Several utilities are provided in reco_utils to support common tasks such as loading datasets in the format expected by different algorithms, evaluating model outputs, and splitting training/test data. Implementations of several state-of-the-art algorithms are included for self-study and customization in your own applications. See the reco_utils documentation.

For a more detailed overview of the repository, please see the documents at the wiki page.

Getting Started

Please see the setup guide for more details on setting up your machine locally, on a data science virtual machine (DSVM) or on Azure Databricks.
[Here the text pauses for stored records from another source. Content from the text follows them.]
Lemma weight_cons2_le n eps x r s ts : (0 < n)%N ->
  (weight n.+2 eps x [:: r, s & ts] <=
   (pair_majorant lam (corner_weight lam eps) (exit_time eps) r s)%:E * weight n eps x ts)%E.
Proof.
move=> n0; rewrite {1}/weight /indic.
have [/set_mem M|_] := boolP (_ \in _); last first.
  by rewrite mul0r mule_ge0 ?weight_ge0 // lee_fin pair_majorant_ge0 // powR_ge0.
have [[_ [pos _]] _] := M; have r0 : 0 < r by exact: (pos 0%N).
have s0 : 0 < s by exact: (pos 1%N).
rewrite /weight /indic mem_set /=; last exact: Mset_behead2 n0 M.
rewrite !mul1r -EFinM lee_fin.
rewrite inner_lam_cons2 opprD expRD ler_wpM2r ?expR_ge0 //.
apply: expR_le_pair_majorant; rewrite ?powR_ge0 //.
have := Mset_gap (k := 2) M n0; have := Mset_gap (k := 1) M isT.
have := Mset_gap (k := 0) M isT.
rewrite /= drop0 !Psi0_seq_cons /= => /gap_lt_D gw /gap_lt_D gz /gap_lt_D gy.
have [far|[rr|ss]] := strip_trichotomy r0 s0 gy gz gw; [left|right; left|right; right] => //.
exact: expR_le_corner_weight (ltW lam_gt0) far.
Qed.

Lemma calM_cons2_le n eps x : 0 < eps -> (0 < n)%N ->
  (calM alpha beta n.+2 eps lam0 lam1 x <=
   (contraction_factor lam eps)%:E * calM alpha beta n eps lam0 lam1 x)%E.
Proof.
move=> eps0 n0.
apply: (@iint_cons2_le _ n (pair_majorant lam (corner_weight lam eps) (exit_time eps))).
- exact: contraction_factor_gt0.
- by move=> r s; rewrite pair_majorant_ge0 // powR_ge0.
- exact: weight_ge0.
- exact: weight_ge0.
- by move=> r s ts; exact: weight_cons2_le.
- exact: integral_pair_majorant_le (powR_ge0 _ _) (exit_time_gt0 eps0).
Qed.

Lemma exit_time_cvg0 : exit_time eps @[eps --> 0^'+] --> 0.
Proof.
set k := 8 / (alpha * beta) / (alpha - beta).
have k_lim : (k * eps) @[eps --> 0^'+] --> k * 0.
  by apply: cvg_at_right_filter; apply: cvgM (cvg_cst _) _; exact: cvg_id.
rewrite mulr0 in k_lim; apply: cvg_trans k_lim; apply: near_eq_cvg.
by apply: nearW => eps; rewrite /exit_time /k; ring.
Qed.

Lemma corner_weight_cvg0 l : 0 < l -> corner_weight l eps @[eps --> 0^'+] --> 0.
Proof.
move=> l0; set p := l / (2 * alpha).
set k := alpha * (8 / (alpha * beta) / (alpha - beta)).
have c0 : 0 < alpha - beta by rewrite subr_gt0.
have k0 : 0 <= k by rewrite ltW // mulr_gt0 // !divr_gt0 // mulr_gt0.
have k_lim : (k `^ p * eps `^ p) @[eps --> 0^'+] --> k `^ p * 0.
  by apply: cvgM (cvg_cst _) _; apply: powR_cvg0; rewrite divr_gt0 ?mulr_gt0.
rewrite mulr0 in k_lim; apply: cvg_trans k_lim; apply: near_eq_cvg; near=> eps.
rewrite /corner_weight -powRM //.
by congr powR; rewrite /exit_time /k; ring.
Unshelve. all: by end_near.
Qed.

Lemma contraction_factor_cvg0 l : 0 < l -> contraction_factor l eps @[eps --> 0^'+] --> 0.
Proof.
move=> l0; have w := corner_weight_cvg0 l0; have e := exit_time_cvg0.
have : contraction_factor l eps @[eps --> 0^'+] --> (2 * 0 / l + 0) / l + 2 / l * 0.
  apply: cvgD; last exact: cvgM (cvg_cst _) e.
  by apply: cvgM (cvg_cst _); apply: cvgD e; apply: cvgM (cvg_cst _); apply: cvgM (cvg_cst _) w.
by rewrite !(mulr0, mul0r, addr0).
Qed.

End diagonal_strip.

Theorem lemma7p8 (R : realType) (alpha beta : R) (hb : 0 < beta)
  (hab : beta < alpha) (lam0 lam1 : R) (hl0 : 0 < lam0) (hl1 : 0 < lam1) :
  exists f : R -> R,
    (forall eps, 0 < eps -> 0 <= f eps) /\
    (f eps @[eps --> 0^'+] --> 0) /\
    (forall (eps : R) (n : nat) (x : R * R), 0 < eps -> (0 < n)%N ->
       Gamma_int alpha beta x ->
       (calM alpha beta n.+2 eps lam0 lam1 x <=
          (f eps)%:E * calM alpha beta n eps lam0 lam1 x)%E).
Proof.
have lam_gt0 : 0 < Num.min lam0 lam1 by rewrite lt_min hl0.
exists (contraction_factor alpha beta (Num.min lam0 lam1)); split; [|split].
- by move=> eps eps0; rewrite ltW // contraction_factor_gt0.
- exact: contraction_factor_cvg0.
-
  by move=> eps n x eps0 n0 _; exact: calM_cons2_le.
Qed.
To setup on your local machine:

  1. Install Anaconda with Python >= 3.6. Miniconda is a quick way to get started.
  2. Clone the repository
    git clone https://github.com/Microsoft/Recommenders
    
  3. Run the generate conda file script to create a conda environment:
    (This is for a basic python environment, see SETUP.md for PySpark and GPU environment setup)
    cd Recommenders
    python scripts/generate_conda_file.py
    conda env create -f reco_base.yaml  
    
  4. Activate the conda environment and register it with Jupyter:
    conda activate reco_base
    python -m ipykernel install --user --name reco_base --display-name "Python (reco)"
    
  5. Start the Jupyter notebook server
    jupyter notebook
    
  6. Run the SAR Python CPU MovieLens notebook under the 00_quick_start folder. Make sure to change the kernel to "Python (reco)".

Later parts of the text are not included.